Clinton vows no surrender in election race
By Alain Jean-Robert
Agence France-Presse
First Posted 07:17:00 03/31/2008
Filed Under: US elections, Politics
STATE COLLEGE, Pennsylvania—Democrat Hillary Clinton vowed to stay in the White House race to the bitter end as party elders Sunday floated ideas to avert a paralyzing struggle between her and Barack Obama.
In a Washington Post interview, the former first lady said: "I know there are some people who want to shut this down and I think they are wrong.
"I have no intention of stopping until we finish what we started and until we see what happens in the next 10 contests, and until we resolve Florida and Michigan."
The two states were stripped of their delegates to the Democrats' August convention when they advanced their primaries into January. Clinton won both contests and needs the results to stand to have any chance of overhauling Obama's lead in the national popular vote.
The Clinton-backing chief executive of Pennsylvania, which is the next state to vote on April 22, said it was a "disgrace" that Obama's campaign was pressing for him to become the nominee with weeks of voting to go.
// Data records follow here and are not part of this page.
Lemma linearized_vandermonde_MR : is_MR_LRC (fun=> A) (fun i => D i).
Proof.
split=> [i | S card_S fibers_S].
  by apply: vandermonde_mds => // j1 j2; rewrite !mxE => /fmorph_inj/x_inj.
apply: cols_free_of_rows_free; first by rewrite card_S card_sum card_prod !card_ord.
exact: pcm_rows_free_on.
Qed.

End LinearizedMR.

(** * Finite field towers *)

Lemma card_finFieldExt (F : finFieldType) (L : fieldExtType F) :
  #|FinFieldExtType L| = (#|F| ^ \dim {:L})%N.
Proof.
have card_full := @card_vspace F (finvect_type L) _ fullv.
have card_fullv := @card_vspacef F (finvect_type L) _.
by rewrite -card_full card_fullv.
Qed.

Lemma natr_card_eq0 (R : finNzRingType) : #|R|%:R = 0 :> R.
Proof.
(* Translation by 1 permutes R. *)
apply: (addrI (\sum_(x : R) x)); rewrite addr0 {2}(reindex_inj (addIr 1)) big_split /=.
by rewrite -sumr_const.
Qed.

Lemma separable_Xn_sub_X (R : idomainType) (N : nat) :
  (1 < N)%N -> N%:R = 0 :> R -> separable_poly ('X^N - 'X : {poly R}).
Proof.
move=> N_gt1 N_eq0; have N1_gt0 : (0 < N.-1)%N by rewrite -ltnS prednK // ltnW.
have -> : 'X^N - 'X = ('X^(N.-1) - 1) * ('X - 0%:P) :> {poly R}.
  by rewrite subr0 mulrBl mul1r -exprSr prednK // ltnW.
rewrite separable_root /root !hornerE expr0n eqn0Ngt N1_gt0 sub0r oppr_eq0 oner_eq0.
rewrite andbT cyclotomic.separable_Xn_sub_1 // -subn1 natrB ?(ltnW N_gt1) // N_eq0.
by rewrite sub0r oppr_eq0 oner_neq0.
Qed.

(* The splitting field M of X^N - X, N = #|F|^k: the N-th power map is the k-th
   power of the Frobenius generator of 'Gal(M / F), it fixes the roots of
   X^N - X, hence all of M, and these N roots are distinct. *)
Lemma finField_ext_exists (F : finFieldType) (k : nat) :
  (0 < k)%N -> {L : fieldExtType F | \dim {:L} = k}.
Proof.
move=> k_gt0; set N := (#|F| ^ k)%N.
have N_gt1 : (1 < N)%N by rewrite -(expn0 #|F|) ltn_exp2l ?finNzRing_gt1.
have size_p (R : nzRingType) : size ('X^N - 'X : {poly R}) = N.+1.
  by rewrite size_polyDl ?size_polyXn ?size_polyN ?size_polyX.
have p_neq0 : 'X^N - 'X != 0 :> {poly F} by rewrite -size_poly_gt0 size_p.
have [M M_split] := FinSplittingFieldFor p_neq0; exists M.
have [zs p_split M_gen] := M_split; rewrite rmorphB rmorphXn /= map_polyX in p_split.
apply: (expnI (finNzRing_gt1 F)); rewrite -card_finFieldExt.
have zs_uniq : uniq zs.
  rewrite -separable_prod_XsubC -(eqp_separable p_split) separable_Xn_sub_X //.
  by rewrite natrX -(rmorph_nat (in_alg M)) natr_card_eq0 rmorph0 expr0n gtn_eqF.
have [alpha _ alpha_frob] := finField_galois_generator (sub1v {:M}).
rewrite dimv1 expn1 in alpha_frob.
have alphaX z : (alpha ^+ k)%g z = z ^+ N.
  rewrite /N; elim: (k) => [|i IHi]; first by rewrite gal_id.
  by rewrite expgSr expnSr exprM galM ?memvf // IHi alpha_frob ?memvf.
have root_p z : (z \in zs) = (z ^+ N == z).
  by rewrite -root_prod_XsubC -(eqp_root p_split) /root !hornerE subr_eq0.
have M_fixed : ({:M} <= fixedField [set (alpha ^+ k)%g])%VS.
  rewrite -M_gen; apply/Fadjoin_seqP; split=> [|z zs_z]; first exact: sub1v.
  apply/fixedFieldP; rewrite ?memvf // => _ /set1P->.
  by rewrite alphaX; apply/eqP; rewrite -root_p.
have size_zs : size zs = N.
  by apply: succn_inj; rewrite -(size_prod_XsubC zs id) -(eqp_size p_split) size_p.
rewrite -[RHS]/N -size_zs -(@card_uniqP (FinFieldExtType M) zs zs_uniq).
apply: eq_card => z; rewrite root_p.
have /fixedFieldP := subvP M_fixed z (memvf z).
by move=> /(_ (memvf z) _ (set11 _)); rewrite alphaX => ->; rewrite eqxx.
Qed.

Lemma inj_ord_finType (T : finType) (n : nat) :
  (n <= #|T|)%N -> {f : 'I_n -> T | injective f}.
Proof.
move=> le_n_T; exists (fun i => enum_val (widen_ord le_n_T i)).
by move=> i j /enum_val_inj /(congr1 val) /= /val_inj.
Qed.

Lemma tower_MR_LRC (Fq : finFieldType) (E : fieldExtType Fq)
    (L : fieldExtType (FinFieldExtType E)) (g r a h : nat) :
  (0 < a)%N -> (a <= r)%N -> (r <= #|Fq|)%N -> (g <= #|FinFieldExtType E|)%N ->
  (minn h g <= \dim {:L})%N -> (minn (a + h) r <= \dim {:E})%N ->
  exists (A : 'I_g -> 'M[FinFieldExtType L]_(a, r)) (D : 'I_g -> 'M_(h, r)),
    is_MR_LRC A D.
Proof.
move=> a_gt0 a_le_r r_le_Fq g_le_E le_dimL le_dimE.
have [x x_inj] := inj_ord_finType r_le_Fq.
have [al al_inj] := inj_ord_finType g_le_E.
pose iota : {rmorphism Fq -> L} := in_alg L \o in_alg E.
pose gam i j : L := vandermonde_vec E (x j) *: vandermonde_vec L (al i).
exists (fun=> Vandermonde a (\row_j iota (x j))).
exists (fun i => \matrix_(u < h, j < r) gam i j ^+ (#|Fq| ^ u)).
apply: linearized_vandermonde_MR => //.
exact: sparse_indepW (vandermonde_tower_sparse_indep x_inj al_inj).
Qed.
(* Let $n\ge 3$, let $\mathcal{S}\subseteq(\mathbb{C}^d)^{\otimes n}$ be the permutation-symmetric subspace, and let $X,Y$ be $d\times d$ complex matrices. Suppose $|\psi\rangle\in\mathcal{S}$, $X_{(1)}|\psi\rangle\in\mathcal{S}$ and $Y_{(2)}|\psi\rangle\in\mathcal{S}$. Then $[X_{(1)},Y_{(1)}]|\psi\rangle=0$.
   Context: $\mathcal{S}$ is the set of vectors in $(\mathbb{C}^d)^{\otimes n}$ invariant under all permutations of the $n$ tensor factors. For a $d\times d$ matrix $X$ and $1\le k\le n$, $X_{(k)}$ denotes the operator on $(\mathbb{C}^d)^{\otimes n}$ acting as $X$ on the $k$-th tensor factor and as the identity on all others. $[P,Q]=PQ-QP$. *)

From HB Require Import structures.
From mathcomp Require Import all_boot all_order all_algebra all_fingroup.
From mathcomp Require Import complex.
From mathcomp Require Import reals.
Set Implicit Arguments. Unset Strict Implicit. Unset Printing Implicit Defensive.
Import Order.TTheory GRing.Theory Num.Theory.
Local Open Scope ring_scope.

Definition multi_index (n d : nat) := {ffun 'I_n -> 'I_d}.

(* Vectors of (K^d)^{(x)n}, in coordinates w.r.t. the product basis. *)
Definition tensor_space (K : Type) (n d : nat) := {ffun multi_index n d -> K}.

Definition set_index (n d : nat) (i : multi_index n d) (k : 'I_n) (j : 'I_d)
  : multi_index n d := [ffun m => if m == k then j else i m].

Definition perm_index (n d : nat) (s : 'S_n) (i : multi_index n d)
  : multi_index n d := [ffun m => i (s m)].

Definition in_sym_subspace (K : Type) (n d : nat) (psi : tensor_space K n d) : Prop :=
  forall (s : 'S_n) (i : multi_index n d), psi (perm_index s i) = psi i.

Definition act_on (K : nzRingType) (n d : nat) (k : 'I_n) (X : 'M[K]_d)
  (psi : tensor_space K n d) : tensor_space K n d :=
  [ffun i : multi_index n d => \sum_(j < d) X (i k) j * psi (set_index i k j)].

(* Symmetry of psi and of Y_(2) psi under the swap of the first two factors gives
   Y_(1) psi = Y_(2) psi; likewise X_(1) psi = X_(3) psi. Operators on distinct
   factors commute, so
   X_(1) Y_(1) psi = Y_(2) X_(1) psi = Y_(2) X_(3) psi = X_(3) Y_(1) psi
                   = Y_(1) X_(3) psi = Y_(1) X_(1) psi. *)
From HB Require Import structures.
From mathcomp Require Import all_boot all_order all_algebra all_fingroup.
From mathcomp Require Import complex.
From mathcomp Require Import reals.
Import GRing.Theory.
Local Open Scope ring_scope.

Lemma perm_set_index (n d : nat) (s : 'S_n) (i : multi_index n d) (l : 'I_n)
    (j : 'I_d) :
  perm_index s (set_index i l j) = set_index (perm_index s i) ((s^-1)%g l) j.
Proof. by apply/ffunP=> m; rewrite !ffunE (canF_eq (permK s)). Qed.

Lemma set_indexC (n d : nat) (i : multi_index n d) (k l : 'I_n) (a b : 'I_d) :
  k != l -> set_index (set_index i k a) l b = set_index (set_index i l b) k a.
Proof.
move=> neq_kl; apply/ffunP=> m; rewrite !ffunE.
by case: (m =P l) => [->|//]; rewrite eq_sym (negbTE neq_kl).
Qed.

Section ActOn.
Context {K : comNzRingType} {n d : nat}.
Implicit Types (psi : tensor_space K n d) (X Y : 'M[K]_d) (k l : 'I_n).

Lemma act_on_perm_index psi (s : 'S_n) k X (i : multi_index n d) :
  in_sym_subspace psi ->
  act_on k X psi (perm_index s i) = act_on (s k) X psi i.
Proof.
move=> sym_psi; rewrite !ffunE /=; apply: eq_bigr => j _.
by rewrite -[k in set_index _ k j](permK s) -perm_set_index sym_psi.
Qed.

Lemma act_on_sym_perm psi (s : 'S_n) k X :
  in_sym_subspace psi -> in_sym_subspace (act_on k X psi) ->
  act_on (s k) X psi = act_on k X psi.
Proof.
move=> sym_psi sym_Xpsi; apply/ffunP=> i.
by rewrite -act_on_perm_index // sym_Xpsi.
Qed.

Lemma act_onC psi k l X Y : k != l ->
  act_on k X (act_on l Y psi) = act_on l Y (act_on k X psi).
Proof.
move=> neq_kl; apply/ffunP=> i; rewrite !ffunE.
under eq_bigr => a _ do rewrite ffunE big_distrr.
rewrite exchange_big /=; apply: eq_bigr => b _.
rewrite ffunE big_distrr; apply: eq_bigr => a _.
rewrite /= !ffunE (eq_sym l k) (negbTE neq_kl) set_indexC //.
by rewrite !mulrA (mulrC (X _ _)).
Qed.

Lemma act_on_commute_sym {psi} {k1 k2 k3 : 'I_n} {X Y} :
  k1 != k2 -> k1 != k3 -> k2 != k3 ->
  in_sym_subspace psi ->
  in_sym_subspace (act_on k1 X psi) -> in_sym_subspace (act_on k2 Y psi) ->
  act_on k1 X (act_on k1 Y psi) = act_on k1 Y (act_on k1 X psi).
Proof.
move=> n12 n13 n23 sym_psi sym_Xpsi sym_Ypsi.
have Y12 : act_on k1 Y psi = act_on k2 Y psi.
  by rewrite -(tpermR k1 k2) act_on_sym_perm.
have X13 : act_on k1 X psi = act_on k3 X psi.
  by rewrite -(tpermL k1 k3) act_on_sym_perm.
rewrite {1}Y12 act_onC // X13 -act_onC 1?eq_sym //.
by rewrite -Y12 act_onC // eq_sym.
Qed.

End ActOn.

Theorem lemma3 (R : realType) (n d : nat) (hn : (3 <= n)%N)
  (k1 k2 : 'I_n) (hk1 : nat_of_ord k1 = 0%N) (hk2 : nat_of_ord k2 = 1%N)
  (X Y : 'M[R[i]]_d) (psi : tensor_space R[i] n d) :
  in_sym_subspace psi ->
  in_sym_subspace (act_on k1 X psi) ->
  in_sym_subspace (act_on k2 Y psi) ->
  act_on k1 X (act_on k1 Y psi) - act_on k1 Y (act_on k1 X psi) = 0.
Proof.
move=> sym_psi sym_Xpsi sym_Ypsi.
pose k3 : 'I_n := Ordinal hn.
have n12 : k1 != k2 by rewrite -val_eqE /= hk1 hk2.
have n13 : k1 != k3 by rewrite -val_eqE /= hk1.
have n23 : k2 != k3 by rewrite -val_eqE /= hk2.
by rewrite (act_on_commute_sym n12 n13 n23) ?subrr.
Qed.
But Governor Edward Rendell, speaking on ABC television, also said he would "love" for the two star Democrats to join forces against Republican candidate John McCain for November's general election.
Clinton, who is behind Obama in terms of elected delegates and states won, is under mounting pressure to bow out of the nominating race so that the Democrats can take the fight to McCain.
But Obama on Saturday said "Senator Clinton can run as long as she wants."
"She should be able to compete, and her supporters should be able to support her for as long as they are willing or able," the Illinois senator said on the campaign trail in Pennsylvania.
Former president Bill Clinton said his wife could still win the Democratic race and insisted that party unity would prevail.
"We just need to relax and let this happen. Nobody's talking about wrecking the party, but there are real differences here," he said in Pennsylvania.
Democratic National Committee chairman Howard Dean is warning the party needs to unify soon to avoid handing November's election to McCain, and former New York governor Mario Cuomo said the party was courting "disaster."
Writing in Sunday's Boston Globe newspaper, Cuomo revived talk of a "dream ticket" pairing Obama and Clinton for the election, urging the warring candidates to announce a deal sooner rather than later.
Tennessee's Democratic governor, Phil Bredesen, returned to his idea of a gathering in mid-June of the nearly 800 party luminaries known as "superdelegates" who are likely to decide the nomination.
The superdelegates would convene after the last primaries in Montana and South Dakota on June 3 with the aim of crowning a nominee well before the August 25-28 convention in Denver, he said on Fox News Sunday.
"I think it's hurting us, hurting us tremendously," he said of the protracted battle between Obama and Clinton, which polls suggest is helping drive up support for McCain.
Bredesen said the Democrats would eventually find a standard-bearer, "but if it's the nominee of a divided party and an emotionally exhausted party, there's just not time to conduct the kind of campaign we need to have."
Obama, while refusing to back the calls for Clinton to quit, also said the nominee needed enough time before the convention to select a running mate and allow the party to regroup for the larger battle in November.
Clinton needs a big win in Pennsylvania to boost her argument that only she can win hefty states that Democrats need to recapture the White House.
She is leading Obama by double digits in most polls here, but that gap could narrow as he steps up his campaigning on the approach to the primary.
Accompanied by Pennsylvania Senator Bob Casey, whose coveted endorsement he won last week, Obama paid a lunchtime visit Saturday to a bar in Johnstown frequented by blue-collar workers playing pool and watching TV.
"We may not be able to win (in Pennsylvania) but I think we've got a good chance and we're going to work as hard as we can," he told a later rally at a high school in the former mining settlement of Johnstown.